(Records from a data source)
(* Let $n\ge d\ge1$ and suppose $P\subseteq\mathbb{R}^d$ is a grid set of size $\binom{n}{d}$. Then for every compact convex set $C\subseteq\mathbb{R}^d$, \[ |\partial C\cap P|\le 2\binom{n}{d-1}. \]
   Context: A set $P\subseteq\mathbb{R}^d$ of size $\binom{n}{d}$ is a grid set if there exist $n$ hyperplanes in $\mathbb{R}^d$ such that $P$ is exactly the set of points obtained as intersections of $d$ of these hyperplanes (each $d$-subset of the hyperplanes meeting in a single point, these points being distinct). $\partial C$ denotes the boundary of $C$ in $\mathbb{R}^d$. *)

From HB Require Import structures.
From mathcomp Require Import all_boot all_order all_algebra.
From mathcomp Require Import all_classical all_reals all_analysis.
Set Implicit Arguments. Unset Strict Implicit. Unset Printing Implicit Defensive.
Import Order.TTheory GRing.Theory Num.Theory numFieldNormedType.Exports.
Local Open Scope classical_set_scope.
Local Open Scope ring_scope.

Definition dotv (R : realType) (d : nat) (u v : 'rV[R]_d) : R :=
  \sum_(i < d) u ord0 i * v ord0 i.

Definition on_hyperplane (R : realType) (d : nat) (a : 'rV[R]_d) (b : R)
  (x : 'rV[R]_d) : Prop := dotv a x = b.

(* P is a grid set for n hyperplanes {x | <a i, x> = b i} (a i <> 0):
   every d-subset S of the hyperplanes meets in exactly one point, the points
   for distinct d-subsets are distinct, and P is exactly the set of these
   points.  (Hence #P = 'C(n, d).) *)
Definition grid_set (R : realType) (d n : nat) (P : set 'rV[R]_d) : Prop :=
  exists (a : 'I_n -> 'rV[R]_d) (b : 'I_n -> R),
    [/\ (forall i, a i != 0),
        (forall S : {set 'I_n}, #|S| = d ->
           exists! x, forall i, i \in S -> on_hyperplane (a i) (b i) x),
        (forall (S T : {set 'I_n}) x, #|S| = d -> #|T| = d ->
           (forall i, i \in S -> on_hyperplane (a i) (b i) x) ->
           (forall i, i \in T -> on_hyperplane (a i) (b i) x) -> S = T) &
        P = [set x | exists S : {set 'I_n}, #|S| = d /\
               (forall i, i \in S -> on_hyperplane (a i) (b i) x)]].

Definition convex (R : realType) (d : nat) (C : set 'rV[R]_d) : Prop :=
  forall x y (t : R), C x -> C y -> 0 <= t -> t <= 1 ->
    C (t *: x + (1 - t) *: y).

Definition bdry (R : realType) (d : nat) (C : set 'rV[R]_d) : set 'rV[R]_d :=
  closure C `\` interior C.

(* A boundary point p of C lying in P is the intersection of d hyperplanes of
   the arrangement, indexed by S.  Dropping one index i leaves a line through p.
   If C extended on both sides of p along each of these d lines, the d segments
   would span a neighbourhood of p by convexity, so p would be interior.  Hence
   p is an end point of C on some line, labelled by the (d-1)-set S minus i.  A
   convex set meets a line in a segment, which has at most two end points, so
   each of the binom(n, d-1) labels is used at most twice. *)
From HB Require Import structures.
From mathcomp Require Import all_boot all_order all_algebra.
From mathcomp Require Import all_classical all_reals all_analysis.
From mathcomp Require Import ring lra.
Set Implicit Arguments.
Unset Strict Implicit.
Unset Printing Implicit Defensive.
Import Order.TTheory GRing.Theory Num.Theory numFieldNormedType.Exports.
Local Open Scope classical_set_scope.
Local Open Scope ring_scope.

Lemma size_le_fibers (X : eqType) (Y : finType) (f : X -> Y) (D : {pred Y})
    (k : nat) (s : seq X) :
  {in s, forall x, f x \in D} ->
  (forall y, count (fun x => f x == y) s <= k)%N ->
  (size s <= k * #|D|)%N.
Proof.
move=> fD fibers.
have -> : size s = (\sum_(y in D) count (fun x => f x == y) s)%N.
  rewrite -sum1_size (eq_big_seq (fun x => \sum_(y in D) (f x == y) : nat)).
    rewrite exchange_big; apply: eq_bigr => y _.
    by rewrite -big_mkcond sum1_count.
  move=> x xs; rewrite (bigD1 (f x)) ?fD //= eqxx big1 // => y /andP[_].
  by rewrite eq_sym => /negbTE ->.
by rewrite mulnC -sum_nat_const leq_sum.
Qed.

Section DotProduct.
Variables (R : realType) (d : nat).
Implicit Types (a u v : 'rV[R]_d) (c : R).

Lemma dotvDr a u v : dotv a (u + v) = dotv a u + dotv a v.
Proof.
by rewrite /dotv -big_split; apply: eq_bigr => i _; rewrite mxE mulrDr.
Qed.

Lemma dotvZr a c u : dotv a (c *: u) = c * dotv a u.
Proof. by rewrite /dotv mulr_sumr; apply: eq_bigr => i _; rewrite mxE mulrCA. Qed.

Lemma dotvZl a c u : dotv (c *: a) u = c * dotv a u.
Proof. by rewrite /dotv mulr_sumr; apply: eq_bigr => i _; rewrite mxE mulrA. Qed.

Lemma dotvBr a u v : dotv a (u - v) = dotv a u - dotv a v.
Proof. by rewrite dotvDr -scaleN1r dotvZr mulN1r. Qed.

Lemma dotv_sumr a (I : finType) (S : {pred I}) (F : I -> 'rV[R]_d) :
  dotv a (\sum_(i in S) F i) = \sum_(i in S) dotv a (F i).
Proof.
by rewrite /dotv exchange_big; apply: eq_bigr => k _; rewrite summxE mulr_sumr.
Qed.

Lemma normr_entry_le v k : `|v ord0 k| <= `|v|.
Proof.
rewrite [X in _ <= X]/Num.norm /= mx_normrE.
exact: (le_bigmax _ (fun ij : 'I_1 * 'I_d => `|v ij.1 ij.2|) (ord0, k)).
Qed.

Lemma dotv_bound a v : `|dotv a v| <= (\sum_k `|a ord0 k|) * `|v|.
Proof.
rewrite /dotv mulr_suml; apply: le_trans (ler_norm_sum _ _ _) _.
by apply: ler_sum => k _; rewrite normrM ler_wpM2l ?normr_entry_le.
Qed.

End DotProduct.

Section ConvexSets.
Variables (R : realType) (d : nat) (C : set 'rV[R]_d).
Hypothesis convC : convex C.

Definition two_sided (p w : 'rV[R]_d) := C (p + w) /\ C (p - w).

Lemma convex_ray q w (al m : R) :
  C q -> C (q + al *: w) -> 0 < al -> 0 <= m <= al -> C (q + m *: w).
Proof.
move=> Cq Cqw al0 /andP[m0 mal].
have := convC Cqw Cq (divr_ge0 m0 (ltW al0)).
rewrite ler_pdivrMr // mul1r => /(_ mal).
by congr C; apply/rowP => k; rewrite !mxE; field; rewrite gt_eqF.
Qed.

Lemma two_sided_shrink q w (al be : R) :
  C q -> C (q + al *: w) -> C (q - be *: w) -> 0 < al -> 0 < be ->
  two_sided q (Num.min al be *: w).
Proof.
move=> Cq Cal Cbe al0 be0.
have min_ge0 : 0 <= Num.min al be by rewrite le_min !ltW.
split; first by apply: convex_ray Cq Cal al0 _; rewrite min_ge0 ge_min lexx.
rewrite -scalerN; apply: convex_ray Cq _ be0 _; first by rewrite scalerN.
by rewrite min_ge0 ge_min lexx orbT.
Qed.

Lemma two_sided_segment p w (t : R) :
  two_sided p w -> `|t| <= 1 -> C (p + t *: w).
Proof.
move=> [Cpw Cmw]; rewrite ler_norml => /andP[tge tle].
have ge0 : 0 <= (1 + t) / 2 by rewrite divr_ge0 //; lra.
have le1 : (1 + t) / 2 <= 1 by rewrite ler_pdivrMr // mul1r; lra.
have := convC Cpw Cmw ge0 le1.
by congr C; apply/rowP => k; rewrite !mxE; field.
Qed.

Lemma convex_mean (r : seq 'rV[R]_d) :
  r != [::] -> {in r, forall x, C x} -> C ((size r)%:R^-1 *: \sum_(x <- r) x).
Proof.
elim: r => [//|x [|y r] IH] _ Cr.
  by rewrite big_seq1 /= invr1 scale1r; apply: Cr; rewrite mem_head.
have Cx : C x by apply: Cr; rewrite mem_head.
have CS : C ((size (y :: r))%:R^-1 *: \sum_(z <- y :: r) z).
  by apply: IH => // z zr; apply: Cr; rewrite inE zr orbT.
rewrite big_cons (_ : size _ = (size (y :: r)).+1) //.
have : (0 < size (y :: r))%N by [].
move: (size (y :: r)) (\sum_(z <- y :: r) z) CS => k S CS k0.
have t0 : 0 <= k.+1%:R^-1 :> R by rewrite invr_ge0.
have t1 : k.+1%:R^-1 <= 1 :> R by rewrite invf_le1 ?ler1n.
have kR : k%:R != 0 :> R by rewrite pnatr_eq0 -lt0n.
have k1R : k%:R + 1 != 0 :> R by rewrite natr1 pnatr_eq0.
have := convC Cx CS t0 t1.
by congr C; apply/rowP => j; rewrite !mxE -natr1; field; rewrite k1R kR.
Qed.

Lemma convex_mean_set (I : finType) (S : {set I}) (x : I -> 'rV[R]_d) :
  (0 < #|S|)%N -> {in S, forall i, C (x i)} ->
  C (#|S|%:R^-1 *: \sum_(i in S) x i).
Proof.
move=> S0 CS; have := @convex_mean (map x (enum S)).
rewrite size_map -cardE big_map big_enum; apply.
  by rewrite -size_eq0 size_map -cardE -lt0n.
by move=> z /mapP[i]; rewrite mem_enum => iS ->; apply: CS.
Qed.

Lemma convex_nbhs_of_two_sided (I : finType) (S : {set I}) p
    (W : I -> 'rV[R]_d) (c : I -> 'rV[R]_d -> R) (M : I -> R) :
  (0 < #|S|)%N -> {in S, forall i, two_sided p (W i)} ->
  (forall i, 0 <= M i) -> (forall i v, `|c i v| <= M i * `|v|) ->
  (forall v, v = \sum_(i in S) c i v *: W i) -> nbhs p C.
Proof.
move=> S0 two_sidedW M0 cM decomp.
pose N : R := #|S|%:R; pose K := \sum_(i in S) M i.
have N0 : N != 0 by rewrite pnatr_eq0 -lt0n.
have N_ge0 : 0 <= N by rewrite ler0n.
have K0 : 0 <= K by rewrite sumr_ge0.
have MK i : i \in S -> M i <= K.
  by move=> iS; rewrite /K (bigD1 i) //= lerDl sumr_ge0.
apply/nbhs_ballP; exists (1 + N * K)^-1 => /=.
  by rewrite invr_gt0 ltr_pwDl // mulr_ge0.
move=> z; rewrite -ball_normE /= => pz; pose v := z - p.
have v_small : `|v| * (1 + N * K) < 1.
  by rewrite -ltr_pdivlMr ?mul1r ?ltr_pwDl ?mulr_ge0 // /v -normrN opprB.
have t_le1 i : i \in S -> `|N * c i v| <= 1.
  move=> iS; rewrite normrM ger0_norm //.
  apply: (@le_trans _ _ (N * (K * `|v|))).
    by rewrite ler_wpM2l // (le_trans (cM i v)) // ler_wpM2r ?MK.
  by have := normr_ge0 v; nra.
have Csegments : {in S, forall i, C (p + (N * c i v) *: W i)}.
  by move=> i iS; apply: two_sided_segment (two_sidedW i iS) (t_le1 i iS).
suff -> : z = N^-1 *: \sum_(i in S) (p + (N * c i v) *: W i).
  exact: convex_mean_set.
rewrite big_split /= sumr_const -scaler_nat -/N.
under eq_bigr do rewrite -scalerA.
by rewrite -scaler_sumr -decomp -scalerDr scalerA mulVf // scale1r addrC subrK.
Qed.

TO DO -
In the entries above, find the line with "by rewrite mulnC -sum_nat_const leq_sum." and the line with "Lemma dotvZr a", then restate word for word both of them and every line between, with nothing more.

PROBLEM SOLUTION -
by rewrite mulnC -sum_nat_const leq_sum.
Qed.

Section DotProduct.
Variables (R : realType) (d : nat).
Implicit Types (a u v : 'rV[R]_d) (c : R).

Lemma dotvDr a u v : dotv a (u + v) = dotv a u + dotv a v.
Proof.
by rewrite /dotv -big_split; apply: eq_bigr => i _; rewrite mxE mulrDr.
Qed.

Lemma dotvZr a c u : dotv a (c *: u) = c * dotv a u.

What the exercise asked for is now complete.